[Stored dataset items]
BEGIN

Lemma key_equal_in_block R K g h : wf_fact g -> wf_fact h -> length K = rkey R ->
  key_equal g h -> in_block R K h -> in_block R K g.
Proof.
  intros Hg Hh HK [E1 E2] Bh.
  apply in_block_iff_key in Bh; auto; apply in_block_iff_key; auto.
  destruct Bh as [Eh Kh]; split; congruence.
Qed.

(* [Constraint R Kt j t] deletes, from the block of key [Kt] in [R], every fact
   whose [j]-th value differs from that of [t]; [Kt] and [t] are read under a
   valuation. *)
Record constraint := Constraint { crel : relname; ckey : list term; cpos : nat; cval : term }.

Definition survivesb (c : constraint) (v : nat -> nat) (g : fact) : bool :=
  negb ((if relname_eq_dec (frel g) (crel c) then true else false)
        && prefix_matchb (fargs g) (map (eval_term v) (ckey c))
        && negb (Nat.eqb (nth (cpos c) (fargs g) 0) (eval_term v (cval c)))).

Lemma survivesb_spec c v g : survivesb c v g = true <->
  ~ (in_block (crel c) (map (eval_term v) (ckey c)) g /\
     nth (cpos c) (fargs g) 0 <> eval_term v (cval c)).
Proof.
  unfold survivesb, in_block; rewrite <- prefix_matchb_spec.
  destruct (relname_eq_dec (frel g) (crel c));
  destruct (prefix_matchb (fargs g) (map (eval_term v) (ckey c)));
  destruct (Nat.eqb_spec (nth (cpos c) (fargs g) 0) (eval_term v (cval c)));
  simpl; intuition congruence.
Qed.

Definition prune (D : list constraint) (v : nat -> nat) (d : db) : db :=
  filter (fun g => forallb (fun c => survivesb c v g) D) d.

Definition constraint_vars (c : constraint) : list nat :=
  flat_map term_vars (ckey c) ++ term_vars (cval c).
Definition constraints_vars (D : list constraint) : list nat := flat_map constraint_vars D.

Lemma in_prune D v d g :
  In g (prune D v d) <-> In g d /\ forall c, In c D -> survivesb c v g = true.
Proof. unfold prune; rewrite filter_In, forallb_forall; tauto. Qed.

Lemma in_prune_app D1 D2 v d g :
  In g (prune (D1 ++ D2) v d) <-> In g (prune D2 v (prune D1 v d)).
Proof.
  rewrite !in_prune; setoid_rewrite in_app_iff; firstorder.
Qed.

Lemma survivesb_ext c v w g : (forall z, In z (constraint_vars c) -> v z = w z) ->
  survivesb c v g = survivesb c w g.
Proof.
  intros H; unfold survivesb.
  rewrite (map_eval_term_ext v w), (eval_term_ext v w); auto;
    intros z Hz; apply H, in_or_app; auto.
Qed.

Lemma in_prune_ext D v w d g : (forall z, In z (constraints_vars D) -> v z = w z) ->
  (In g (prune D v d) <-> In g (prune D w d)).
Proof.
  intros H; rewrite !in_prune.
  assert (E : forall c, In c D -> survivesb c v g = survivesb c w g).
  { intros c Hc; apply survivesb_ext; intros z Hz; apply H, in_flat_map; eauto. }
  split; intros [Hg Hs]; split; auto; intros c Hc; [rewrite <- E|rewrite E]; auto.
Qed.

Lemma wf_prune D v d : wf_db d -> wf_db (prune D v d).
Proof.
  unfold wf_db; rewrite !Forall_forall; intros H g Hg; apply in_prune in Hg; apply H; tauto.
Qed.

Definition FPrefixEq (ts Kt : list term) : formula :=
  FConj (map (fun i => FEq (nth i ts (TCst 0)) (nth i Kt (TCst 0))) (seq 0 (length Kt))).

Lemma holds_FPrefixEq d v ts Kt :
  holds d v (FPrefixEq ts Kt) <-> prefix_match (map (eval_term v) ts) (map (eval_term v) Kt).
Proof.
  unfold FPrefixEq, prefix_match; rewrite holds_FConj, length_map; split.
  - intros H i Hi; rewrite !nth_map_eval.
    apply (H (FEq (nth i ts (TCst 0)) (nth i Kt (TCst 0)))).
    apply in_map_iff; exists i; split; auto; apply in_seq; lia.
  - intros H p Hp; apply in_map_iff in Hp; destruct Hp as [i [<- Hi]]; apply in_seq in Hi.
    simpl; rewrite <- !nth_map_eval; apply H; lia.
Qed.

Lemma fv_FPrefixEq z ts Kt : In z (fv (FPrefixEq ts Kt)) ->
  In z (flat_map term_vars ts) \/ In z (flat_map term_vars Kt).
Proof.
  unfold FPrefixEq; intros H; apply fv_FConj in H; destruct H as [p [Hp Hz]].
  apply in_map_iff in Hp; destruct Hp as [i [<- _]]; simpl in Hz.
  apply in_app_or in Hz; destruct Hz; [left|right]; eapply term_vars_nth; eauto.
Qed.

Definition FSurvives (c : constraint) (R : relname) (ts : list term) : formula :=
  if relname_eq_dec R (crel c)
  then FNot (FAnd (FPrefixEq ts (ckey c)) (FNot (FEq (nth (cpos c) ts (TCst 0)) (cval c))))
  else FTrue.

Lemma holds_FSurvives d v c R ts :
  holds d v (FSurvives c R ts) <-> survivesb c v (Fact R (map (eval_term v) ts)) = true.
Proof.
  rewrite survivesb_spec; unfold FSurvives, in_block; simpl.
  destruct (relname_eq_dec R (crel c)); simpl.
  - rewrite holds_FPrefixEq, <- nth_map_eval; tauto.
  - tauto.
Qed.

Lemma fv_FSurvives z c R ts : In z (fv (FSurvives c R ts)) ->
  In z (flat_map term_vars ts) \/ In z (constraint_vars c).
Proof.
  unfold FSurvives, constraint_vars; destruct (relname_eq_dec R (crel c)); simpl; [|tauto].
  rewrite !in_app_iff; intros [Hz|[Hz|Hz]].
  - apply fv_FPrefixEq in Hz; tauto.
  - left; eapply term_vars_nth; eauto.
  - tauto.
Qed.

Definition FPrunedAtom (D : list constraint) (R : relname) (ts : list term) : formula :=
  FAnd (FAtom R ts) (FConj (map (fun c => FSurvives c R ts) D)).

Lemma holds_FPrunedAtom d v D R ts :
  holds d v (FPrunedAtom D R ts) <-> In (Fact R (map (eval_term v) ts)) (prune D v d).
Proof.
  unfold FPrunedAtom; simpl; rewrite in_prune, holds_FConj.
  split; intros [H1 H2]; split; auto.
  - intros c Hc; apply (proj1 (holds_FSurvives d v c R ts)), H2, in_map_iff; eauto.
  - intros p Hp; apply in_map_iff in Hp; destruct Hp as [c [<- Hc]].
    apply (proj2 (holds_FSurvives d v c R ts)); auto.
Qed.

Lemma fv_FPrunedAtom z D R ts : In z (fv (FPrunedAtom D R ts)) ->
  In z (flat_map term_vars ts) \/ In z (constraints_vars D).
Proof.
  unfold FPrunedAtom; simpl; rewrite in_app_iff; intros [Hz|Hz]; auto.
  apply fv_FConj in Hz; destruct Hz as [p [Hp Hz]]; apply in_map_iff in Hp.
  destruct Hp as [c [<- Hc]]; apply fv_FSurvives in Hz; destruct Hz; auto.
  right; apply in_flat_map; eauto.
Qed.

(** * Repairs *)

Lemma key_equal_refl f : key_equal f f.
Proof. split; reflexivity. Qed.

Lemma key_equal_sym f g : key_equal f g -> key_equal g f.
Proof. intros [H1 H2]; split; auto. Qed.

Lemma key_equal_trans f g h : key_equal f g -> key_equal g h -> key_equal f h.
Proof. intros [H1 H2] [H3 H4]; split; congruence. Qed.

Definition key_equal_dec f g : {key_equal f g} + {~ key_equal f g}.
Proof.
  unfold key_equal; destruct (relname_eq_dec (frel f) (frel g)); [|right; tauto].
  destruct (list_eq_dec Nat.eq_dec (firstn (rkey (frel f)) (fargs f))
                                    (firstn (rkey (frel g)) (fargs g))); [left|right]; tauto.
Defined.

Definition covers (r d : db) : Prop := forall h, In h d -> exists g, In g r /\ key_equal g h.

Lemma repair_iff r d : is_repair r d <-> incl r d /\ consistent r /\ covers r d.
Proof.
  split.
  - intros [Hi [Hc Hmax]]; repeat split; auto.
    intros h Hh; apply NNPP; intros Hn; apply Hn; exists h; split; [|apply key_equal_refl].
    apply (Hmax (h :: r)); [intros x Hx; simpl; auto| |  |simpl; auto].
    + intros x [<-|Hx]; auto.
    + intros f g [<-|Hf] [<-|Hg] Hk; auto; exfalso; apply Hn; eauto using key_equal_sym.
  - intros [Hi [Hc Hcov]]; repeat split; auto.
    intros r' Hr Hr' Hc' h Hh.
    destruct (Hcov h (Hr' h Hh)) as [g [Hg Hk]].
    rewrite <- (Hc' g h (Hr g Hg) Hh Hk); auto.
Qed.

Lemma repair_covers r d : is_repair r d -> covers r d.
Proof. rewrite repair_iff; tauto. Qed.

Lemma repair_incl r d : is_repair r d -> incl r d.
Proof. intros [H _]; exact H. Qed.

Lemma repair_consistent r d : is_repair r d -> consistent r.
Proof. intros [_ [H _]]; exact H. Qed.

Lemma repair_same_facts r d1 d2 : (forall g, In g d1 <-> In g d2) ->
  is_repair r d1 -> is_repair r d2.
Proof.
  intros H; rewrite !repair_iff; unfold incl, covers.
  intros [H1 [H2 H3]]; repeat split; auto.
  - intros g Hg; apply H; auto.
  - intros h Hh; apply H3, H; auto.
Qed.

Definition clashes (r : db) (f : fact) : bool :=
  existsb (fun g => if key_equal_dec g f then true else false) r.

Lemma clashes_spec r f : clashes r f = true <-> exists g, In g r /\ key_equal g f.
Proof.
  unfold clashes; rewrite existsb_exists; split; intros [g [Hg E]]; exists g; split; auto;
    destruct (key_equal_dec g f); congruence.
Qed.

Fixpoint greedy_extend (r l : db) : db :=
  match l with
  | [] => r
  | f :: l' => greedy_extend (if clashes r f then r else f :: r) l'
  end.

Lemma greedy_extend_spec l : forall r, consistent r ->
  incl r (greedy_extend r l) /\ incl (greedy_extend r l) (r ++ l) /\
  consistent (greedy_extend r l) /\ covers (greedy_extend r l) l.
Proof.
  induction l as [|f l IH]; intros r Hc; simpl.
  - rewrite app_nil_r; repeat split; auto using incl_refl; intros h [].
  - destruct (clashes r f) eqn:E.
    + destruct (IH r Hc) as [H1 [H2 [H3 H4]]]; repeat split; auto.
      * intros x Hx; apply H2 in Hx; apply in_app_or in Hx; apply in_or_app; simpl; tauto.
      * intros h [<-|Hh]; auto.
        apply clashes_spec in E; destruct E as [g [Hg E]]; exists g; auto.
    + assert (Hc' : consistent (f :: r)).
      { intros g h [<-|Hg] [<-|Hh] Hk; auto; exfalso;
          assert (clashes r f = true) by (apply clashes_spec; eauto using key_equal_sym);
          congruence. }
      destruct (IH (f :: r) Hc') as [H1 [H2 [H3 H4]]]; repeat split; auto.
      * intros x Hx; apply H1; simpl; auto.
      * intros x Hx; apply H2 in Hx; simpl in Hx; apply in_or_app; simpl.
        destruct Hx as [<-|Hx]; auto; apply in_app_or in Hx; tauto.
      * intros h [<-|Hh]; auto; exists f; split; [apply H1; simpl; auto|apply key_equal_refl].
Qed.

Lemma repair_extend s d : consistent s -> incl s d -> exists r, is_repair r d /\ incl s r.
Proof.
  intros Hc Hi; destruct (greedy_extend_spec d s Hc) as [H1 [H2 [H3 H4]]].
  exists (greedy_extend s d); split; auto; apply repair_iff; repeat split; auto.
  intros x Hx; apply H2 in Hx; apply in_app_or in Hx; destruct Hx; auto.
Qed.

Lemma repair_exists d : exists r, is_repair r d.
Proof.
  destruct (repair_extend [] d) as [r [H _]]; eauto; [intros f g []|intros x []].
Qed.

(** * Certainty relative to a valuation *)

Definition certain_at (q : query) (X : list nat) (v : nat -> nat) (d : db) : Prop :=
  forall r, is_repair r d -> exists w, (forall y, In y X -> w y = v y) /\
    (forall A, In A q -> In (ground w A) r).

Lemma certain_at_ext q X v v' d : (forall y, In y X -> v y = v' y) ->
  certain_at q X v d -> certain_at q X v' d.
Proof.
  intros H Hc r Hr; destruct (Hc r Hr) as [w [H1 H2]]; exists w; split; auto.
  intros y Hy; rewrite H1, H; auto.
Qed.

Lemma certain_at_same_facts q X v d1 d2 : (forall g, In g d1 <-> In g d2) ->
  certain_at q X v d1 -> certain_at q X v d2.
Proof.
  intros H Hc r Hr; apply Hc; eapply repair_same_facts; [|exact Hr].
  intros g; rewrite H; tauto.
Qed.

Lemma certain_at_incl q1 q2 X v d : incl q2 q1 ->
  certain_at q1 X v d -> certain_at q2 X v d.
Proof.
  intros H Hc r Hr; destruct (Hc r Hr) as [w [H1 H2]]; exists w; split; auto.
Qed.

Lemma certain_at_nil X v d : certain_at [] X v d.
Proof. intros r _; exists v; split; auto; intros A []. Qed.

Lemma certain_iff_certain_at q v d : certain q d <-> certain_at q [] v (prune [] v d).
Proof.
  assert (Hprune : forall g, In g (prune [] v d) <-> In g d)
    by (intros g; rewrite in_prune; simpl; tauto).
  split.
  - intros H r Hr; apply (repair_same_facts r _ d) in Hr; [|exact Hprune].
    destruct (H r Hr) as [w Hw]; exists w; split; [intros y []|auto].
  - intros H r Hr; apply (repair_same_facts r d (prune [] v d)) in Hr;
      [|intros g; rewrite Hprune; tauto].
    destruct (H r Hr) as [w [_ Hw]]; exists w; auto.
Qed.
Lemma inv_row_3_12 i a : 0 < i <= a -> ~~ odd a -> a <= m.+1 ->
  \sum_(a <= j < m.+1) (w j < w i) =
  2 * \sum_(a <= j < m.+1) ((w j < w j.+1) && (w j.+1 < w i)).
Proof.
move=> i_in a_even a_le.
have m_eq : m.+1 = a + 2 * (m.+1 - a)./2.
  have := odd_double_half (m.+1 - a); rewrite oddB //= m_odd (negbTE a_even) /=; lia.
rewrite m_eq !sum_nat_pairs big_distrr; apply: eq_bigr => k _.
have j_even : ~~ odd (a + 2 * k) by rewrite oddD oddM (negbTE a_even).
have j1_odd : odd (a + 2 * k).+1 by rewrite oddS j_even.
have j_lt : a + 2 * k < m by move: (ltn_ord k); lia.
have j_in : 0 < a + 2 * k < m by lia.
have j1_in : 0 < (a + 2 * k).+1 <= m by lia.
have i_le : 0 < i <= a + 2 * k by lia.
rewrite (down_up_no_ascent j1_in j1_odd) (down_up_ascent j_in j_even).
by rewrite (even_pair_lt i_le j_lt j_even) andTb andFb addn0 addnn -mul2n.
Qed.

Lemma invnum_3_12 : invnum s = 2 * pat3_12 s.
Proof.
rewrite /invnum /pat3_12 big_distrr; apply: eq_big_nat => i /andP[i_gt0 i_le] /=.
have -> : \sum_(i.+1 <= j < m) ((w j < w j.+1) && (w j.+1 < w i)) =
          \sum_(i.+1 <= j < m.+1) ((w j < w j.+1) && (w j.+1 < w i)).
  have [i_lt | i_ge] := ltnP i m; last by rewrite !big_geq //; lia.
  by rewrite big_nat_recr //= (pv_out s (i := m.+1)) // ltn0 addn0.
have [i_odd | i_even] := boolP (odd i).
  by apply: inv_row_3_12; rewrite ?i_gt0 //= i_odd.
have asc : w i < w i.+1 by apply: down_up_ascent; rewrite // i_gt0 even_ltn.
have no_desc : (w i.+1 < w i) = false by rewrite ltnNge ltnW.
have i_in : 0 < i <= i by rewrite i_gt0 leqnn.
move: (inv_row_3_12 i_in i_even (ltnW i_le)).
by rewrite !(big_ltn i_le) ltnn asc no_desc /= !add0n.
Qed.

Lemma pat31_2_add_invnum : pat31_2 s + invnum s = 'C(m, 2).
Proof.
rewrite -(sum_subn_bin2 m) /pat31_2 /invnum -big_split /= !sum_nat_odd_pairs //.
rewrite !big_geq // subnn !addn0; apply: eq_bigr => k _.
have i_odd : odd (1 + 2 * k) by rewrite oddD oddM.
have i_lt : (1 + 2 * k).+1 < m.
  by move: (ltn_ord k); have := odd_double_half m; rewrite m_odd; lia.
set i := 1 + 2 * k in i_odd i_lt *.
have inv_odd : \sum_(i.+1 <= j < m.+1) (w j < w i) = m - i.
  rewrite (eq_big_nat _ _ (F2 := fun=> 1)) ?sum_nat_const_nat ?muln1 //.
  by move=> j /andP[ij j_le]; rewrite odd_pos_gt_right // /i.
have pat_even : \sum_(i.+3 <= j < m.+1) ((w i.+2 < w j) && (w j < w i.+1)) = 0.
  have asc : w i.+1 < w i.+2 by apply: down_up_ascent; rewrite ?i_lt ?oddS ?negbK.
  rewrite big_nat big1 // => j _.
  by case: ltnP => // /(ltn_trans asc)/ltnW; rewrite leqNgt => /negbTE->.
have pat_odd : \sum_(i.+2 <= j < m.+1) ((w i.+1 < w j) && (w j < w i)) +
               \sum_(i.+2 <= j < m.+1) (w j < w i.+1) = m - i.+1.
  rewrite -big_split (eq_big_nat _ _ (F2 := fun=> 1)) ?sum_nat_const_nat ?muln1 //=.
  move=> j /andP[ij j_le]; rewrite (odd_pos_gt_right (i := i) (j := j)) //; last first.
    by rewrite /i; lia.
  have : w i.+1 != w j by apply/eqP => /pv_inj; lia.
  by rewrite andbT; case: ltngtP.
lia.
Qed.

End Avoids213.

End DownUp.

Theorem lemma3p9 :
  (forall (n : nat) (s : 'S_(2 * n + 1)), down_up s -> adi s = invnum s) /\
  (forall (n : nat) (s : 'S_(2 * n + 1)), tS213 n s ->
     [/\ adi s + adi (revp s) = 2 * n ^ 2 + n,
         adi s = 2 * pat3_12 s
       & adi (revp s) = pat31_2 s]).
Proof.
have odd_m n : odd (2 * n + 1) by rewrite oddD oddM.
split=> [n s | n s /and3P[s_av /eqP dd0 /eqP des_n]]; first exact: adi_down_up.
have s_du := dd_des_down_up dd0 des_n.
rewrite !adi_down_up ?down_up_revp // -bin2_odd.
have inv_rev := invnum_add_revp s.
have inv_31_2 := pat31_2_add_invnum (odd_m n) s_du s_av.
split; [exact: inv_rev | exact: invnum_3_12 | lia].
Qed.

END

PROBLEM TO WORK ON: Going back over the entries above, copy word for word every line from the one that has "is_repair r d1 -> is_repair r d2." on through the one that has "- rewrite app_nil_r;".

RESULT OF THIS EXERCISE:
  is_repair r d1 -> is_repair r d2.
Proof.
  intros H; rewrite !repair_iff; unfold incl, covers.
  intros [H1 [H2 H3]]; repeat split; auto.
  - intros g Hg; apply H; auto.
  - intros h Hh; apply H3, H; auto.
Qed.

Definition clashes (r : db) (f : fact) : bool :=
  existsb (fun g => if key_equal_dec g f then true else false) r.

Lemma clashes_spec r f : clashes r f = true <-> exists g, In g r /\ key_equal g f.
Proof.
  unfold clashes; rewrite existsb_exists; split; intros [g [Hg E]]; exists g; split; auto;
    destruct (key_equal_dec g f); congruence.
Qed.

Fixpoint greedy_extend (r l : db) : db :=
  match l with
  | [] => r
  | f :: l' => greedy_extend (if clashes r f then r else f :: r) l'
  end.

Lemma greedy_extend_spec l : forall r, consistent r ->
  incl r (greedy_extend r l) /\ incl (greedy_extend r l) (r ++ l) /\
  consistent (greedy_extend r l) /\ covers (greedy_extend r l) l.
Proof.
  induction l as [|f l IH]; intros r Hc; simpl.
  - rewrite app_nil_r; repeat split; auto using incl_refl; intros h [].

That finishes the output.